(* Let $X$ be a proper geodesic metric space, $Y$ a compact metric space, and $f:X\to Y$ a continuous map. Then $f$ extends to a continuous map $\bar f:h_0X\to Y$ if and only if $f$ is uniformly continuous.
   Context: The $C_0$ coarse structure on a metric space $(X,d)$ consists of all sets $E\subset X\times X$ such that for every $\epsilon>0$ there is a compact $K\subset X$ with $d(x,y)<\epsilon$ for all $(x,y)\in E\setminus(K\times K)$ (controlled sets). A bounded continuous $f:X\to\mathbb{C}$ is a Higson function if for every controlled set $E$ the function $(x,y)\mapsto f(x)-f(y)$ restricted to $E$ vanishes at infinity; $C_{h_0}(X)$ denotes the algebra of bounded continuous Higson functions. The $C_0$ Higson compactification $h_0X$ is the compactification of $X$ with $C(h_0X)=C_{h_0}(X)$ (i.e., exactly the bounded continuous functions on $X$ lying in $C_{h_0}(X)$ extend continuously to $h_0X$); $\nu_0X=h_0X\setminus X$ is the $C_0$ Higson corona. Uniformly continuous: there is a monotone $\omega$ with $\omega(t)\to0$ as $t\to0$ and $d(f(x),f(x'))\le\omega(d(x,x'))$. *)

From Stdlib Require Import Reals List.
Open Scope R_scope.

Record MetricSpace := {
  mcarrier :> Type;
  mdist : mcarrier -> mcarrier -> R;
  mdist_nonneg : forall x y, 0 <= mdist x y;
  mdist_eq0 : forall x y, mdist x y = 0 <-> x = y;
  mdist_sym : forall x y, mdist x y = mdist y x;
  mdist_tri : forall x y z, mdist x z <= mdist x y + mdist y z
}.
Arguments mdist {m} _ _.

Record TopSpace := {
  tcarrier :> Type;
  topen : (tcarrier -> Prop) -> Prop;
  topen_full : topen (fun _ => True);
  topen_inter : forall U V, topen U -> topen V -> topen (fun x => U x /\ V x);
  topen_union : forall F : (tcarrier -> Prop) -> Prop,
      (forall U, F U -> topen U) -> topen (fun x => exists U, F U /\ U x)
}.
Arguments topen {t} _.

Definition metric_open (M : MetricSpace) (U : M -> Prop) : Prop :=
  forall x, U x -> exists r, 0 < r /\ forall y, mdist x y < r -> U y.

Lemma metric_open_full (M : MetricSpace) : metric_open M (fun _ => True).
Proof. intros x _; exists 1; split; [apply Rlt_0_1| auto]. Qed.

Lemma metric_open_inter (M : MetricSpace) U V :
  metric_open M U -> metric_open M V -> metric_open M (fun x => U x /\ V x).
Proof.
  intros HU HV x [Ux Vx].
  destruct (HU x Ux) as [r1 [Hr1 H1]]. destruct (HV x Vx) as [r2 [Hr2 H2]].
  exists (Rmin r1 r2); split.
  - apply Rmin_glb_lt; auto.
  - intros y Hy; split.
    + apply H1; eapply Rlt_le_trans; [exact Hy| apply Rmin_l].
    + apply H2; eapply Rlt_le_trans; [exact Hy| apply Rmin_r].
Qed.

Lemma metric_open_union (M : MetricSpace) (F : (M -> Prop) -> Prop) :
  (forall U, F U -> metric_open M U) ->
  metric_open M (fun x => exists U, F U /\ U x).
Proof.
  intros HF x [U [FU Ux]].
  destruct (HF U FU x Ux) as [r [Hr H]].
  exists r; split; auto. intros y Hy; exists U; auto.
Qed.

Definition metric_top (M : MetricSpace) : TopSpace :=
  {| tcarrier := M; topen := metric_open M;
     topen_full := metric_open_full M;
     topen_inter := metric_open_inter M;
     topen_union := metric_open_union M |}.

Definition compact_in (T : TopSpace) (K : T -> Prop) : Prop :=
  forall F : (T -> Prop) -> Prop,
    (forall U, F U -> topen U) ->
    (forall x, K x -> exists U, F U /\ U x) ->
    exists l : list (T -> Prop),
      (forall U, In U l -> F U) /\
      (forall x, K x -> exists U, In U l /\ U x).

Definition compact_space (T : TopSpace) : Prop := compact_in T (fun _ => True).

Definition hausdorff (T : TopSpace) : Prop :=
  forall x y : T, x <> y ->
    exists U V, topen U /\ topen V /\ U x /\ V y /\ forall z, ~ (U z /\ V z).

Definition continuous (S T : TopSpace) (f : S -> T) : Prop :=
  forall V : T -> Prop, topen V -> topen (fun x => V (f x)).

Definition is_compactification (X K : TopSpace) (i : X -> K) : Prop :=
  compact_space K /\ hausdorff K /\
  continuous X K i /\
  (forall x y, i x = i y -> x = y) /\
  (forall U : X -> Prop, topen U ->
      exists V : K -> Prop, topen V /\ forall x, U x <-> V (i x)) /\
  (forall V : K -> Prop, topen V -> (exists k, V k) -> exists x, V (i x)).

Definition Cplx := (R * R)%type.
Definition cdist (z w : Cplx) : R :=
  sqrt ((fst z - fst w) ^ 2 + (snd z - snd w) ^ 2).
Definition cnorm (z : Cplx) : R := sqrt (fst z ^ 2 + snd z ^ 2).

Definition Copen (U : Cplx -> Prop) : Prop :=
  forall z, U z -> exists r, 0 < r /\ forall w, cdist z w < r -> U w.
Definition continuous_C (T : TopSpace) (g : T -> Cplx) : Prop :=
  forall U, Copen U -> topen (fun x => U (g x)).

Definition C0_controlled (X : MetricSpace) (E : X -> X -> Prop) : Prop :=
  forall eps, 0 < eps ->
    exists K : X -> Prop, compact_in (metric_top X) K /\
      forall x y, E x y -> ~ (K x /\ K y) -> mdist x y < eps.

Definition vanishes_at_infinity_on (X : MetricSpace) (E : X -> X -> Prop)
  (h : X -> X -> R) : Prop :=
  forall eps, 0 < eps ->
    exists K : X -> Prop, compact_in (metric_top X) K /\
      forall x y, E x y -> ~ (K x /\ K y) -> h x y < eps.

Definition C_bounded (X : Type) (g : X -> Cplx) : Prop :=
  exists B, forall x, cnorm (g x) <= B.

Definition C_h0 (X : MetricSpace) (g : X -> Cplx) : Prop :=
  C_bounded X g /\ continuous_C (metric_top X) g /\
  forall E, C0_controlled X E ->
    vanishes_at_infinity_on X E (fun x y => cdist (g x) (g y)).

(* (K, i) is the C_0 Higson compactification h_0X: a compactification
   such that the bounded continuous functions on X extending continuously
   to K are exactly those of C_{h_0}(X). *)
Definition is_h0_compactification (X : MetricSpace) (K : TopSpace)
  (i : X -> K) : Prop :=
  is_compactification (metric_top X) K i /\
  forall g : X -> Cplx, C_bounded X g -> continuous_C (metric_top X) g ->
    (C_h0 X g <-> exists G : K -> Cplx, continuous_C K G /\
                                         forall x, G (i x) = g x).

Definition proper_metric (X : MetricSpace) : Prop :=
  forall (x : X) r, compact_in (metric_top X) (fun y => mdist x y <= r).

Definition geodesic (X : MetricSpace) : Prop :=
  forall x y : X, exists gam : R -> X,
    gam 0 = x /\ gam (mdist x y) = y /\
    forall s t, 0 <= s <= mdist x y -> 0 <= t <= mdist x y ->
      mdist (gam s) (gam t) = Rabs (s - t).

Definition uniformly_continuous (X Y : MetricSpace) (f : X -> Y) : Prop :=
  exists omega : R -> R,
    (forall s t, 0 <= s -> s <= t -> omega s <= omega t) /\
    (forall eps, 0 < eps -> exists delta, 0 < delta /\
        forall t, 0 < t < delta -> Rabs (omega t) < eps) /\
    forall x x', mdist (f x) (f x') <= omega (mdist x x').

From Stdlib Require Import Reals Lra Lia List Classical ClassicalEpsilon FunctionalExtensionality PropExtensionality.
Open Scope R_scope.

(* For y in Y write  d_y f : x |-> d(y, f x), a bounded continuous
   function on X (Y is compact).  Everything rests on these functions:
   - if f extends to F : h_0X -> Y, then d_y F extends d_y f, so every d_y f is
     a Higson function; testing the Higson property on the C_0-controlled set of
     pairs (a_n, b_n) with d(a_n, b_n) -> 0 and d(f a_n, f b_n) > eps, together
     with uniform continuity of f on compacta (Heine-Cantor) and a finite net
     of Y, shows that f is uniformly continuous (eps-delta form, then a
     modulus omega is built as a supremum);
   - if f is uniformly continuous, each d_y f is Higson, hence extends to a
     continuous G_y on h_0X; for a point k of h_0X the function y |-> G_y(k)
     is, by density of X, 1-Lipschitz, satisfies d(y,y') <= G_y(k) + G_y'(k)
     and has infimum 0, so by compactness of Y it vanishes at a unique point
     F(k), and G_y(k) = d(y, F(k)); continuity of the G_y gives that of F. *)

Lemma list_ex_min {A} (l : list A) (P : A -> R -> Prop) :
  (forall a d d', P a d -> 0 < d' <= d -> P a d') ->
  (forall a, In a l -> exists d, 0 < d /\ P a d) ->
  exists d, 0 < d /\ forall a, In a l -> P a d.
Proof.
  intros Hmono; induction l as [|a l IH]; intros H.
  - exists 1; split; [lra | intros a []].
  - destruct (H a (or_introl eq_refl)) as [d1 [Hd1 P1]].
    destruct IH as [d2 [Hd2 P2]]; [intros b Hb; apply H; right; auto|].
    assert (Hmin : 0 < Rmin d1 d2) by (apply Rmin_glb_lt; auto).
    exists (Rmin d1 d2); split; auto.
    intros b [<- | Hb].
    + apply Hmono with d1; auto; split; [auto | apply Rmin_l].
    + apply Hmono with d2; auto; split; [auto | apply Rmin_r].
Qed.

Lemma list_ex_max {A} (l : list A) (P : A -> R -> Prop) :
  (forall a d d', P a d -> d <= d' -> P a d') ->
  (forall a, In a l -> exists d, P a d) ->
  exists d, forall a, In a l -> P a d.
Proof.
  intros Hmono; induction l as [|a l IH]; intros H.
  - exists 0; intros a [].
  - destruct (H a (or_introl eq_refl)) as [d1 P1].
    destruct IH as [d2 P2]; [intros b Hb; apply H; right; auto|].
    exists (Rmax d1 d2); intros b [<- | Hb].
    + apply Hmono with d1; auto; apply Rmax_l.
    + apply Hmono with d2; auto; apply Rmax_r.
Qed.

Lemma list_choose {A B} (l : list A) (P : A -> B -> Prop) :
  (forall a, In a l -> exists b, P a b) ->
  exists lb, forall a, In a l -> exists b, In b lb /\ P a b.
Proof.
  induction l as [|a l IH]; intros H.
  - exists nil; intros a [].
  - destruct (H a (or_introl eq_refl)) as [b Pb].
    destruct IH as [lb Hl]; [intros c Hc; apply H; right; auto|].
    exists (b :: lb); intros c [<- | Hc].
    + exists b; split; [left|]; auto.
    + destruct (Hl c Hc) as [b' [Hb' Pb']]; exists b'; split; [right|]; auto.
Qed.

Lemma topen_ext (T : TopSpace) (P Q : T -> Prop) :
  (forall x, P x <-> Q x) -> topen P -> topen Q.
Proof.
  intros H HP.
  assert (E : P = Q) by (extensionality x; apply propositional_extensionality; auto).
  subst; auto.
Qed.

Lemma topen_local (T : TopSpace) (P : T -> Prop) :
  (forall k, P k -> exists W, topen W /\ W k /\ forall k', W k' -> P k') ->
  topen P.
Proof.
  intros Hloc.
  apply topen_ext with
    (fun k => exists W, (topen W /\ forall k', W k' -> P k') /\ W k).
  - intros k; split.
    + intros [W [[_ HW] Wk]]; auto.
    + intros Pk; destruct (Hloc k Pk) as [W [HW [Wk Hsub]]]; eauto.
  - apply topen_union; intros W [HW _]; auto.
Qed.

Lemma topen_list_inter (T : TopSpace) {A} (l : list A) (W : A -> T -> Prop) :
  (forall a, topen (W a)) -> topen (fun k => forall a, In a l -> W a k).
Proof.
  intros HW; induction l as [|a l IH].
  - apply topen_ext with (fun _ => True); [|apply topen_full].
    intros x; split; [intros _ a [] | auto].
  - apply topen_ext with (fun k => W a k /\ (forall b, In b l -> W b k)).
    + intros x; split.
      * intros [H1 H2] b [<- | Hb]; auto.
      * intros H; split; [apply H; left | intros b Hb; apply H; right]; auto.
    + apply topen_inter; auto.
Qed.

Lemma mdist_refl (M : MetricSpace) (x : M) : mdist x x = 0.
Proof. apply mdist_eq0; reflexivity. Qed.

Lemma ball_open (M : MetricSpace) (x : M) r :
  metric_open M (fun z => mdist x z < r).
Proof.
  intros y Hy; exists (r - mdist x y); split; [lra|].
  intros z Hz; pose proof (mdist_tri M x y z); lra.
Qed.

Lemma dist_diff (M : MetricSpace) (y w w' : M) :
  Rabs (mdist y w - mdist y w') <= mdist w w'.
Proof.
  apply Rabs_le.
  pose proof (mdist_tri M y w w'); pose proof (mdist_tri M y w' w).
  rewrite (mdist_sym M w' w) in *; lra.
Qed.

Lemma continuous_at_point (X Y : MetricSpace) (f : X -> Y) :
  continuous (metric_top X) (metric_top Y) f ->
  forall x eps, 0 < eps -> exists s, 0 < s /\
    forall x', mdist x x' < s -> mdist (f x) (f x') < eps.
Proof.
  intros Hf x eps Heps.
  destruct (Hf _ (ball_open Y (f x) eps) x) as [s [Hs Hball]].
  - simpl; rewrite mdist_refl; auto.
  - exists s; auto.
Qed.

Lemma cdist_real a b : cdist (a, 0) (b, 0) = Rabs (a - b).
Proof.
  unfold cdist; simpl; rewrite <- sqrt_Rsqr_abs; f_equal; unfold Rsqr; ring.
Qed.

Lemma cnorm_real a : cnorm (a, 0) = Rabs a.
Proof.
  unfold cnorm; simpl; rewrite <- sqrt_Rsqr_abs; f_equal; unfold Rsqr; ring.
Qed.

Lemma cdist_fst z w : Rabs (fst z - fst w) <= cdist z w.
Proof.
  unfold cdist; rewrite <- sqrt_Rsqr_abs; apply sqrt_le_1_alt.
  unfold Rsqr; simpl; pose proof (pow2_ge_0 (snd z - snd w)); nra.
Qed.

Lemma Copen_fst (P : R -> Prop) :
  (forall a, P a -> exists r, 0 < r /\ forall b, Rabs (b - a) < r -> P b) ->
  Copen (fun z => P (fst z)).
Proof.
  intros H z Hz; destruct (H _ Hz) as [r [Hr Hb]]; exists r; split; auto.
  intros w Hw; apply Hb; rewrite Rabs_minus_sym.
  eapply Rle_lt_trans; [apply cdist_fst | exact Hw].
Qed.

Lemma Copen_fst_lt r : Copen (fun z => fst z < r).
Proof.
  apply (Copen_fst (fun a => a < r)); intros a Ha; exists (r - a); split; [lra|].
  intros b Hb; apply Rabs_def2 in Hb; lra.
Qed.

Lemma Copen_fst_gt r : Copen (fun z => r < fst z).
Proof.
  apply (Copen_fst (fun a => r < a)); intros a Ha; exists (a - r); split; [lra|].
  intros b Hb; apply Rabs_def2 in Hb; lra.
Qed.

Lemma Copen_fst_near c r : Copen (fun z => Rabs (fst z - c) < r).
Proof.
  apply (Copen_fst (fun a => Rabs (a - c) < r)); intros a Ha.
  exists (r - Rabs (a - c)); split; [lra|].
  intros b Hb; pose proof (Rabs_triang (b - a) (a - c)).
  replace (b - a + (a - c)) with (b - c) in * by ring; lra.
Qed.

Lemma compact_net (Y : MetricSpace) : compact_space (metric_top Y) ->
  forall r, 0 < r -> exists ys : list Y,
    forall z, exists y, In y ys /\ mdist y z < r.
Proof.
  intros HY r Hr.
  destruct (HY (fun U => exists y, U = fun z => mdist y z < r)) as [l [Hl Hcov]].
  - intros U [y ->]; apply ball_open.
  - intros z _; exists (fun w => mdist z w < r); split; [exists z; auto|].
    simpl; rewrite mdist_refl; auto.
  - destruct (list_choose l (fun U y => U = fun z => mdist y z < r)) as [ys Hys].
    { intros U HU; apply Hl; auto. }
    exists ys; intros z; destruct (Hcov z I) as [U [HU Uz]].
    destruct (Hys U HU) as [y [Hy ->]]; eauto.
Qed.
☆ ☆ ☆ ☆
EXERCISE DIRECTIONS
In the entries above, please find the line with "exists (Rmax d1 d2); intros b [<- | Hb]." and the line with "(forall a, In a l -> exists b, P a b) ->", then write out exactly those two lines and every line between them, and nothing more.

OUTPUT OF THE TASK
    exists (Rmax d1 d2); intros b [<- | Hb].
    + apply Hmono with d1; auto; apply Rmax_l.
    + apply Hmono with d2; auto; apply Rmax_r.
Qed.

Lemma list_choose {A B} (l : list A) (P : A -> B -> Prop) :
  (forall a, In a l -> exists b, P a b) ->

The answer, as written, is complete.